G, Annexin-V/PI staining and flow cytometry analysis performed on A498 cells cultured in media supplemented with or without 7α-hydroxycholesterol (10μM) every other day and treated with vehicle (DMSO) or Z-Vad-fmk (50μM) for 96h.

H, Real-time qPCR analysis performed on A498 cells cultured in media supplemented with or without 7α-hydroxycholesterol (10μM) every other day for 96h, evaluating expression of TP53 target genes; NOXA, PUMA and p21. Beta-2 microglobulin (B2M) was used as the housekeeping gene.

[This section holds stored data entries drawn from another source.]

(* Consider a standard Nash equilibrium problem (NEP) with $N$ players in which player $\nu$ solves $\min_{x^\nu}\theta_\nu(x)$ subject to $c^\nu(x^\nu)\le 0$, where $\theta_\nu:\mathbb{R}^n\to\mathbb{R}$ and $c^\nu:\mathbb{R}^{n_\nu}\to\mathbb{R}^{r_\nu}$ are continuously differentiable (so each constraint function $c^\nu$ depends only on player $\nu$'s own variables). Let $c=(c^1,\ldots,c^N):\mathbb{R}^n\to\mathbb{R}^r$ be the concatenated constraint map and let $\bar x\in\mathbb{R}^n$. Then: (a) If $\bar x$ is feasible (i.e. $c(\bar x)\le 0$), then GNEP-CPLD holds in $\bar x$ if and only if $c$ satisfies (classical) CPLD in $\bar x$. (b) GNEP-EMFCQ holds in $\bar x$ if and only if $c$ satisfies (classical) EMFCQ in $\bar x$.
   Context: Variables: $x=(x^1,\ldots,x^N)\in\mathbb{R}^n$ with $x^\nu\in\mathbb{R}^{n_\nu}$, $n=n_1+\cdots+n_N$, $r=r_1+\cdots+r_N$; one writes $x=(x^\nu,x^{-\nu})$. For a differentiable $f$, $\nabla f$ denotes the transposed Jacobian and $\nabla_{x^\nu} f$ the submatrix corresponding to the components $x^\nu$. Vectors $v_1,\dots,v_k$ are positively linearly dependent if $\sum_i\lambda_i v_i=0$ has a nontrivial solution with all $\lambda_i\ge 0$. CPLD$_\nu$ at a point $x$ with $c^\nu(x)\le0$: whenever the partial gradients $\nabla_{x^\nu}c_i^\nu(x)$, $i\in I$, are positively linearly dependent for some $I\subset\{i: c_i^\nu(x)=0\}$, the partial gradients $\nabla_{x^\nu}c_i^\nu(y)$, $i\in I$, are linearly dependent for all $y$ in a neighbourhood of $x$. GNEP-CPLD holds at $x$ if CPLD$_\nu$ holds at $x$ for every $\nu$. EMFCQ$_\nu$ at a point $x$ (not necessarily feasible): there is $d^\nu\in\mathbb{R}^{n_\nu}$ with $\nabla_{x^\nu}c_i^\nu(x)^Td^\nu<0$ for every $i$ with $c_i^\nu(x)\ge0$. GNEP-EMFCQ holds at $x$ if EMFCQ$_\nu$ holds at $x$ for every $\nu$. Classical CPLD for $c$ at a feasible $x$: whenever $\nabla c_i(x)$, $i\in I$, are positively linearly dependent for some subset $I$ of active indices $\{i:c_i(x)=0\}$, the full gradients $\nabla c_i(y)$, $i\in I$, are linearly dependent for all $y$ near $x$. Classical EMFCQ for $c$ at $x$: there is $d\in\mathbb{R}^n$ with $\nabla c_i(x)^Td<0$ for every $i$ with $c_i(x)\ge 0$. *)

From HB Require Import structures.
From mathcomp Require Import all_boot all_order all_algebra.
From mathcomp Require Import all_classical all_reals all_analysis.
Set Implicit Arguments. Unset Strict Implicit. Unset Printing Implicit Defensive.
Import Order.TTheory GRing.Theory Num.Theory.
Import numFieldNormedType.Exports.
Local Open Scope ring_scope.

Section Defs.
Variable R : realType.

Definition unitv (m : nat) (j : 'I_m) : 'rV[R]_m := delta_mx 0 j.

Definition grad (m : nat) (f : 'rV[R]_m -> R) (x : 'rV[R]_m) : 'rV[R]_m :=
  \row_j ('D_(unitv j) f x).

Definition C1 (m : nat) (f : 'rV[R]_m -> R) : Prop :=
  (forall x, differentiable f x) /\
  (forall j : 'I_m, continuous (fun x => 'D_(unitv j) f x)).

Definition C1v (m k : nat) (g : 'rV[R]_m -> 'rV[R]_k) : Prop :=
  forall i : 'I_k, C1 (fun x => g x 0 i).

Definition dotv (m : nat) (u v : 'rV[R]_m) : R := \sum_(j < m) u 0 j * v 0 j.

Definition pos_lin_dep (k m : nat) (I : {set 'I_k}) (v : 'I_k -> 'rV[R]_m) : Prop :=
  exists lam : 'I_k -> R,
    (forall i, i \in I -> 0 <= lam i) /\
    (exists2 i, i \in I & lam i != 0) /\
    \sum_(i in I) lam i *: v i = 0.

Definition lin_dep (k m : nat) (I : {set 'I_k}) (v : 'I_k -> 'rV[R]_m) : Prop :=
  exists lam : 'I_k -> R,
    (exists2 i, i \in I & lam i != 0) /\
    \sum_(i in I) lam i *: v i = 0.

Variables (N : nat) (n r : 'I_N -> nat).

Definition nvar := (\sum_(nu < N) n nu)%N.
Definition ncon := (\sum_(nu < N) r nu)%N.

Definition blk (x : 'rV[R]_nvar) (nu : 'I_N) : 'rV[R]_(n nu) := submxrow x nu.

Definition concat_c (c : forall nu, 'rV[R]_(n nu) -> 'rV[R]_(r nu))
  (x : 'rV[R]_nvar) : 'rV[R]_ncon := mxrow (fun nu => c nu (blk x nu)).

Definition CPLD_nu (c : forall nu, 'rV[R]_(n nu) -> 'rV[R]_(r nu))
  (nu : 'I_N) (x : 'rV[R]_nvar) : Prop :=
  forall I : {set 'I_(r nu)},
    (forall i, i \in I -> c nu (blk x nu) 0 i = 0) ->
    pos_lin_dep I (fun i => grad (fun z => c nu z 0 i) (blk x nu)) ->
    \forall y \near x, lin_dep I (fun i => grad (fun z => c nu z 0 i) (blk y nu)).

Definition GNEP_CPLD c x : Prop := forall nu, CPLD_nu c nu x.

Definition EMFCQ_nu (c : forall nu, 'rV[R]_(n nu) -> 'rV[R]_(r nu))
  (nu : 'I_N) (x : 'rV[R]_nvar) : Prop :=
  exists d : 'rV[R]_(n nu), forall i : 'I_(r nu),
    0 <= c nu (blk x nu) 0 i ->
    dotv (grad (fun z => c nu z 0 i) (blk x nu)) d < 0.

Definition GNEP_EMFCQ c x : Prop := forall nu, EMFCQ_nu c nu x.

End Defs.

Definition feasible (R : realType) (m k : nat) (g : 'rV[R]_m -> 'rV[R]_k) (x : 'rV[R]_m) :=
  forall i : 'I_k, g x 0 i <= 0.

Definition CPLD (R : realType) (m k : nat) (g : 'rV[R]_m -> 'rV[R]_k) (x : 'rV[R]_m) : Prop :=
  forall I : {set 'I_k},
    (forall i, i \in I -> g x 0 i = 0) ->
    pos_lin_dep I (fun i => grad (fun z => g z 0 i) x) ->
    \forall y \near x, lin_dep I (fun i => grad (fun z => g z 0 i) y).

Definition EMFCQ (R : realType) (m k : nat) (g : 'rV[R]_m -> 'rV[R]_k) (x : 'rV[R]_m) : Prop :=
  exists d : 'rV[R]_m, forall i : 'I_k,
    0 <= g x 0 i -> dotv (grad (fun z => g z 0 i) x) d < 0.

From HB Require Import structures.
From mathcomp Require Import all_boot all_order all_algebra.
From mathcomp Require Import all_classical all_reals all_analysis.
Import Order.TTheory GRing.Theory Num.Theory.
Import numFieldNormedType.Exports.
Local Open Scope ring_scope.
Import tagnat.

(** The constraint of the concatenated map with index (nu, i) is c^nu_i(x^nu),
    so its full gradient is the partial gradient of c^nu_i placed in block nu
    and zero in every other block.  Consequently a linear combination of
    such gradients vanishes iff it vanishes block by block, and a nonzero
    multiplier always lives in a single block: this moves (positive) linear
    dependence back and forth between c and the c^nu.  For EMFCQ, the inner
    product of that gradient with d only sees the block d^nu, so directions
    d^nu assemble into a direction d and conversely. *)

Section BlockIndices.
Context {N : nat} {n : 'I_N -> nat}.

Lemma Rank_inj nu : injective (@Rank N n nu).
Proof. by move=> a b /eqP; rewrite -val_eqE eq_Rank eqxx /= => /eqP/val_inj. Qed.

Lemma Rank_neq {mu nu} (a : 'I_(n mu)) (b : 'I_(n nu)) :
  mu != nu -> Rank mu a != Rank nu b.
Proof. by move=> neq_mu_nu; rewrite -val_eqE eq_Rank (negbTE neq_mu_nu). Qed.

Lemma Rank_surj k : exists nu (a : 'I_(n nu)), k = Rank nu a.
Proof. by exists (sig1 k), (sig2 k); rewrite sig2K. Qed.

Lemma preimset_Rank_imset nu (J : {set 'I_(n nu)}) :
  Rank nu @^-1: (Rank nu @: J) = J.
Proof. by apply/setP => a; rewrite inE mem_imset //; apply: Rank_inj. Qed.

Lemma big_Rank (V : nmodType) (I : {set 'I_(\sum_nu n nu)})
    (F : 'I_(\sum_nu n nu) -> V) :
  \sum_(k in I) F k = \sum_nu \sum_(a in Rank nu @^-1: I) F (Rank nu a).
Proof.
rewrite (partition_big (@sig1 _ n) xpredT) //=; apply: eq_bigr => nu _.
rewrite -(big_imset _ (in2W (@Rank_inj nu))); apply: eq_bigl => k.
apply/andP/imsetP => [[kI /eqP sig1k]|[a]].
  by subst nu; exists (sig2 k); rewrite ?inE sig2K.
by rewrite inE => aI ->; rewrite Rank1K.
Qed.

End BlockIndices.

Section Blocks.
Context {R : realType} {N : nat} {n : 'I_N -> nat}.
Implicit Types (x y v : 'rV[R]_(nvar n)) (nu mu : 'I_N).

Lemma blkE x nu i a : blk x nu i a = x 0 (Rank nu a).
Proof. by rewrite /blk /submxrow mxE [i]ord1. Qed.

Lemma blk0 nu : blk (0 : 'rV[R]_(nvar n)) nu = 0.
Proof. exact: submxrow0. Qed.

Lemma blk_scale_add (h : R) v x nu :
  blk (h *: v + x) nu = h *: blk v nu + blk x nu.
Proof. by apply/matrixP => i a; rewrite !mxE. Qed.

Lemma blk_sum (J : finType) (P : pred J) (lam : J -> R)
    (v : J -> 'rV[R]_(nvar n)) nu :
  blk (\sum_(j | P j) lam j *: v j) nu = \sum_(j | P j) lam j *: blk (v j) nu.
Proof.
rewrite /blk submxrow_sum; apply: eq_bigr => j _.
by apply/matrixP => i a; rewrite !mxE.
Qed.

Lemma blk_eq0 v : (forall nu, blk v nu = 0) -> v = 0.
Proof. by move=> v0; apply/mxrowP => nu; rewrite submxrow0; apply: v0. Qed.

Lemma blk_unitv nu (a : 'I_(n nu)) : blk (unitv R (Rank nu a)) nu = unitv R a.
Proof.
apply/matrixP => i b; rewrite blkE !mxE [i]ord1 (inj_eq (@Rank_inj _ _ nu)).
by rewrite eqxx.
Qed.

Lemma blk_unitv_neq mu nu (a : 'I_(n mu)) :
  mu != nu -> blk (unitv R (Rank mu a)) nu = 0.
Proof.
move=> neq_mu_nu; apply/matrixP => i b; rewrite blkE !mxE.
by rewrite eq_sym in neq_mu_nu; rewrite (negbTE (Rank_neq b a neq_mu_nu)) andbF.
Qed.

Lemma dotv_blk u v : dotv u v = \sum_nu dotv (blk u nu) (blk v nu).
Proof.
rewrite /dotv -big_set /= big_Rank; apply: eq_bigr => nu _.
by apply: eq_big => [a|a _]; rewrite ?inE // !blkE.
Qed.

Lemma derive_blk {W : normedModType R} nu (f : 'rV[R]_(n nu) -> W) v y :
  'D_v (fun z => f (blk z nu)) y = 'D_(blk v nu) f (blk y nu).
Proof.
by rewrite /derive; do 3 f_equal; apply: funext => h /=; rewrite blk_scale_add.
Qed.

End Blocks.

Lemma dotv0l (R : realType) m (v : 'rV[R]_m) : dotv 0 v = 0.
Proof. by rewrite /dotv big1 // => j _; rewrite mxE mul0r. Qed.

Section Concatenation.
Variables (R : realType) (N : nat) (n r : 'I_N -> nat)
  (c : forall nu : 'I_N, 'rV[R]_(n nu) -> 'rV[R]_(r nu)).
Implicit Types (x y : 'rV[R]_(nvar n)) (nu mu : 'I_N).

Local Notation gradc y k := (grad (fun z => concat_c c z 0 k) y).
Local Notation gradp nu i w := (grad (fun z => c nu z 0 i) w).

Lemma concat_cE x nu (i : 'I_(r nu)) :
  concat_c c x 0 (Rank nu i) = c nu (blk x nu) 0 i.
Proof.
have := congr1 (fun A : 'rV[R]_(r nu) => A 0 i)
  (mxrowK (fun nu => c nu (blk x nu)) nu).
by rewrite /submxrow mxE.
Qed.

Lemma blk_grad_concat y nu (i : 'I_(r nu)) :
  blk (gradc y (Rank nu i)) nu = gradp nu i (blk y nu).
Proof.
apply/matrixP => j a; rewrite blkE !mxE.
under eq_fun do rewrite concat_cE.
by rewrite (derive_blk nu (fun w => c nu w 0 i)) blk_unitv.
Qed.

Lemma blk_grad_concat_neq y mu nu (i : 'I_(r nu)) :
  mu != nu -> blk (gradc y (Rank nu i)) mu = 0.
Proof.
move=> neq_mu_nu; apply/matrixP => j a; rewrite blkE !mxE.
under eq_fun do rewrite concat_cE.
rewrite (derive_blk nu (fun w => c nu w 0 i)).
by rewrite blk_unitv_neq ?derive0 // eq_sym.
Qed.

Lemma dotv_grad_concat y nu (i : 'I_(r nu)) d :
  dotv (gradc y (Rank nu i)) d = dotv (gradp nu i (blk y nu)) (blk d nu).
Proof.
rewrite dotv_blk (bigD1 nu) //= blk_grad_concat big1 ?addr0 // => mu neq_mu_nu.
by rewrite blk_grad_concat_neq // dotv0l.
Qed.

Lemma blk_comb_grad_concat (I : {set 'I_(ncon r)}) (lam : 'I_(ncon r) -> R) y mu :
  blk (\sum_(k in I) lam k *: gradc y k) mu =
  \sum_(i in Rank mu @^-1: I) lam (Rank mu i) *: gradp mu i (blk y mu).
Proof.
rewrite blk_sum big_Rank (bigD1 mu) //= [X in _ + X]big1 ?addr0.
  by apply: eq_bigr => i _; rewrite blk_grad_concat.
move=> nu neq_nu_mu; rewrite big1 // => i _.
by rewrite blk_grad_concat_neq ?scaler0 // eq_sym.
Qed.

(* At most one i has Rank nu i = k, so this is m on block nu and 0 elsewhere. *)
Definition coef_embed {nu} (m : 'I_(r nu) -> R) (k : 'I_(ncon r)) : R :=
  \sum_(i | Rank nu i == k) m i.

Lemma coef_embedE nu (m : 'I_(r nu) -> R) (i : 'I_(r nu)) :
  coef_embed m (Rank nu i) = m i.
Proof.
by rewrite /coef_embed (big_pred1 i) // => j; rewrite /= (inj_eq (@Rank_inj _ _ nu)).
Qed.

Lemma coef_embed_neq nu mu (m : 'I_(r nu) -> R) (j : 'I_(r mu)) :
  mu != nu -> coef_embed m (Rank mu j) = 0.
Proof.
move=> neq_mu_nu; apply: big_pred0 => i /=.
by apply/negbTE; apply: Rank_neq; rewrite eq_sym.
Qed.

Lemma comb_grad_concat_embed (I : {set 'I_(ncon r)}) nu (m : 'I_(r nu) -> R) y :
  \sum_(i in Rank nu @^-1: I) m i *: gradp nu i (blk y nu) = 0 ->
  \sum_(k in I) coef_embed m k *: gradc y k = 0.
Proof.
move=> comb0; apply: blk_eq0 => mu; rewrite blk_comb_grad_concat.
have [<-|neq_nu_mu] := eqVneq nu mu.
  by rewrite -[RHS]comb0; apply: eq_bigr => i _; rewrite coef_embedE.
by rewrite big1 // => i _; rewrite coef_embed_neq ?scale0r // eq_sym.
Qed.

Lemma pos_lin_dep_grad_concat (I : {set 'I_(ncon r)}) y :
  pos_lin_dep I (fun k => gradc y k) ->
  exists nu, pos_lin_dep (Rank nu @^-1: I) (fun i => gradp nu i (blk y nu)).
Proof.
move=> [lam [lam_ge0 [[k kI lamk_neq0] comb0]]].
have [nu [i eq_k]] := Rank_surj k; subst k.
exists nu, (fun i => lam (Rank nu i)).
split; first by move=> j; rewrite inE => /lam_ge0.
split; first by exists i; rewrite ?inE.
by rewrite -blk_comb_grad_concat comb0 blk0.
Qed.

Lemma pos_lin_dep_grad_embed (I : {set 'I_(ncon r)}) nu y :
  pos_lin_dep (Rank nu @^-1: I) (fun i => gradp nu i (blk y nu)) ->
  pos_lin_dep I (fun k => gradc y k).
Proof.
move=> [m [m_ge0 [[i iI mi_neq0] comb0]]].
exists (coef_embed m); split; last split.
- move=> k; have [mu [j ->]] := Rank_surj k => jI.
  have [eq_mu_nu|neq_mu_nu] := eqVneq mu nu; last by rewrite coef_embed_neq.
  by subst mu; rewrite coef_embedE m_ge0 ?inE.
- by exists (Rank nu i); rewrite ?coef_embedE //; rewrite inE in iI.
- exact: comb_grad_concat_embed.
Qed.

Lemma lin_dep_grad_embed (I : {set 'I_(ncon r)}) nu y :
  lin_dep (Rank nu @^-1: I) (fun i => gradp nu i (blk y nu)) ->
  lin_dep I (fun k => gradc y k).
Proof.
move=> [m [[i iI mi_neq0] comb0]]; exists (coef_embed m); split.
  by exists (Rank nu i); rewrite ?coef_embedE //; rewrite inE in iI.
exact: comb_grad_concat_embed.
Qed.

Lemma lin_dep_grad_concat_imset nu (J : {set 'I_(r nu)}) y :
  lin_dep (Rank nu @: J) (fun k => gradc y k) ->
  lin_dep J (fun i => gradp nu i (blk y nu)).
Proof.
move=> [lam [[k /imsetP [i iJ ->] lamk_neq0] comb0]].
exists (fun i => lam (Rank nu i)); split; first by exists i.
by rewrite -[J](preimset_Rank_imset nu J) -blk_comb_grad_concat comb0 blk0.
Qed.

Lemma GNEP_CPLD_CPLD x : GNEP_CPLD c x -> CPLD (concat_c c) x.
Proof.
move=> gnep_cpld I I_active /pos_lin_dep_grad_concat [nu pld].
have nu_active i : i \in Rank nu @^-1: I -> c nu (blk x nu) 0 i = 0.
  by rewrite inE => /I_active; rewrite concat_cE.
by apply: filterS (gnep_cpld nu _ nu_active pld) => y; apply: lin_dep_grad_embed.
Qed.

Lemma CPLD_GNEP_CPLD x : CPLD (concat_c c) x -> GNEP_CPLD c x.
Proof.
move=> cpld nu J J_active pld.
have I_active k : k \in Rank nu @: J -> concat_c c x 0 k = 0.
  by move=> /imsetP [i iJ ->]; rewrite concat_cE J_active.
rewrite -(preimset_Rank_imset nu J) in pld; move/pos_lin_dep_grad_embed: pld => pld.
apply: filterS (cpld _ I_active pld) => y.
exact: lin_dep_grad_concat_imset.
Qed.

Lemma GNEP_EMFCQ_EMFCQ x : GNEP_EMFCQ c x -> EMFCQ (concat_c c) x.
Proof.
move=> gnep_emfcq; pose d nu := projT1 (cid (gnep_emfcq nu)).
exists (\mxrow_nu d nu) => k; have [nu [i ->]] := Rank_surj k.
rewrite concat_cE dotv_grad_concat /blk mxrowK.
exact: (projT2 (cid (gnep_emfcq nu))).
Qed.

Lemma EMFCQ_GNEP_EMFCQ x : EMFCQ (concat_c c) x -> GNEP_EMFCQ c x.
Proof.
move=> [d d_descent] nu; exists (blk d nu) => i c_ge0.
by rewrite -dotv_grad_concat; apply: d_descent; rewrite concat_cE.
Qed.

End Concatenation.

Theorem theorem2p5 (R : realType) (N : nat) (n r : 'I_N -> nat)
  (theta : 'I_N -> 'rV[R]_(nvar n) -> R)
  (c : forall nu : 'I_N, 'rV[R]_(n nu) -> 'rV[R]_(r nu))
  (Htheta : forall nu, C1 (theta nu))
  (Hc : forall nu, C1v (c nu))
  (xbar : 'rV[R]_(nvar n)) :
  (feasible (concat_c c) xbar ->
     (GNEP_CPLD c xbar <-> CPLD (concat_c c) xbar)) /\
  (GNEP_EMFCQ c xbar <-> EMFCQ (concat_c c) xbar).
Proof.
split; first (move=> _; split).
- exact: GNEP_CPLD_CPLD.
- exact: CPLD_GNEP_CPLD.
- split; [exact: GNEP_EMFCQ_EMFCQ | exact: EMFCQ_GNEP_EMFCQ].
Qed.
Lemma prod_diag_mx (I : Type) (r : seq I) (P : pred I) (F : I -> 'rV[R]_n) :
  \prod_(i <- r | P i) diag_mx (F i) = diag_mx (\row_k \prod_(i <- r | P i) F i 0 k).
Proof.
elim: r => [|i r IH].
  by rewrite big_nil -idmxE -diag_const_mx; congr diag_mx; apply/rowP => k; rewrite !mxE big_nil.
rewrite big_cons IH; case: ifP => Pi; last first.
  by congr diag_mx; apply/rowP => k; rewrite !mxE big_cons Pi.
by rewrite -mulmxE mulmx_diag; congr diag_mx; apply/rowP => k; rewrite !mxE big_cons Pi.
Qed.

End SquareMatrices.

Section Vectorization.
Variables (R : realType) (d : nat).

Lemma vec_idx_subproof (a b : 'I_d) : (b * d + a < d * d)%N.
Proof. by have := ltn_ord a; have := ltn_ord b; nia. Qed.

Definition vec_idx (a b : 'I_d) : 'I_(d * d) := Ordinal (vec_idx_subproof a b).

Lemma omod_vec_idx a b : omod (vec_idx a b) = a.
Proof. by apply: val_inj; rewrite /= modnMDl modn_small. Qed.

Lemma odiv_vec_idx a b : odiv (vec_idx a b) = b.
Proof.
have d_gt0 : (0 < d)%N := leq_ltn_trans (leq0n _) (ltn_ord a).
by apply: val_inj; rewrite /= divnMDl // divn_small ?addn0.
Qed.

Lemma vec_idx_odiv_omod k : vec_idx (omod k) (odiv k) = k.
Proof. by apply: val_inj; rewrite /= -divn_eq. Qed.

Lemma big_ord_vec (T : Type) (idx : T) (op : Monoid.com_law idx) (F : 'I_d -> 'I_d -> T) :
  \big[op/idx]_(k < d * d) F (omod k) (odiv k) = \big[op/idx]_a \big[op/idx]_b F a b.
Proof.
rewrite pair_big (reindex (fun p : 'I_d * 'I_d => vec_idx p.1 p.2)) /=.
  by apply: eq_bigr => -[a b] _; rewrite omod_vec_idx odiv_vec_idx.
exists (fun k => (omod k, odiv k)) => [[a b] _|k _] /=.
  by rewrite omod_vec_idx odiv_vec_idx.
exact: vec_idx_odiv_omod.
Qed.

Definition cvec (X : 'M[R]_d) : 'cV[R]_(d * d) := \col_k X (omod k) (odiv k).

Definition uncvec (z : 'cV[R]_(d * d)) : 'M[R]_d := \matrix_(a, b) z (vec_idx a b) 0.

Lemma uncvecK : cancel uncvec cvec.
Proof. by move=> z; apply/colP => k; rewrite !mxE vec_idx_odiv_omod. Qed.

Lemma cvecB X Y : cvec (X - Y) = cvec X - cvec Y.
Proof. by apply/colP => k; rewrite !mxE. Qed.

Lemma frob2_cvec X : frob2 (cvec X) = frob2 X.
Proof.
rewrite frob2_cV; under eq_bigr do rewrite mxE.
exact: (big_ord_vec _ (fun a b => X a b ^+ 2)).
Qed.

Lemma kron_cvec (A C X : 'M[R]_d) : kron A C *m cvec X = cvec (C *m X *m A^T).
Proof.
apply/colP => k; rewrite !mxE.
under eq_bigr do rewrite !mxE.
rewrite (big_ord_vec _ (fun a b => A (odiv k) b * C (omod k) a * X a b)) exchange_big /=.
apply: eq_bigr => b _; rewrite !mxE mulr_suml; apply: eq_bigr => a _; ring.
Qed.

End Vectorization.

Section LowerTriangularSelection.
Variables (R : realType) (d : nat).
Local Notation D := ((d * (d - 1)) %/ 2)%N.
Local Notation P := (Plow R d).

Lemma mem_low_idx k : (k \in low_idx d) = (k < d * d)%N && (k %/ d < k %% d)%N.
Proof. by rewrite mem_filter mem_iota andbC. Qed.

Lemma size_low_idx : size (low_idx d) = D.
Proof.
rewrite size_filter -sum1_count big_mkcond /= -[X in iota 0 X]subn0 big_mkord.
rewrite (big_ord_vec _ (fun a b : 'I_d => if (b < a)%N then 1 else 0)%N).
rewrite (eq_bigr (fun a : 'I_d => nat_of_ord a)) => [|a _]; last first.
  by rewrite -big_mkcond /= -(big_ord_widen _ (fun=> 1%N) (ltnW (ltn_ord a))) sum1_card card_ord.
by rewrite -(big_mkord xpredT (fun a => a)) bin2_sum bin2 -divn2 subn1.
Qed.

I, TP53, PARP, γ-H2A.X, and Cleaved Caspase 3 protein expression assessed by immunoblots in A498 cells cultured in media supplemented with or without 7α-hydroxycholesterol (10μM) every other day for 96h. GAPDH was used as the loading control.

J, HSD3B7 protein expression assessed by immunoblots in shSCR and shHSD3B7 A498 cells expressing HSD3B7 short hairpin resistant cDNA (HSD3B7^R) or catalytic inactive HSD3B7^R (HSD3B7^R-Y159S). HSP90 was used as the loading control.

K, Annexin-V/PI staining and flow cytometry analysis performed on shSCR and shHSD3B7 A498 cells expressing HSD3B7 short hairpin resistant cDNA (HSD3B7^R) or catalytic inactive HSD3B7^R (HSD3B7^R-Y159S) after 96h.

(All experiments were performed in at least triplicates and statistical analysis was applied with *=P<0.05, **=P<0.01, ***=<0.001, n.s=non-significant).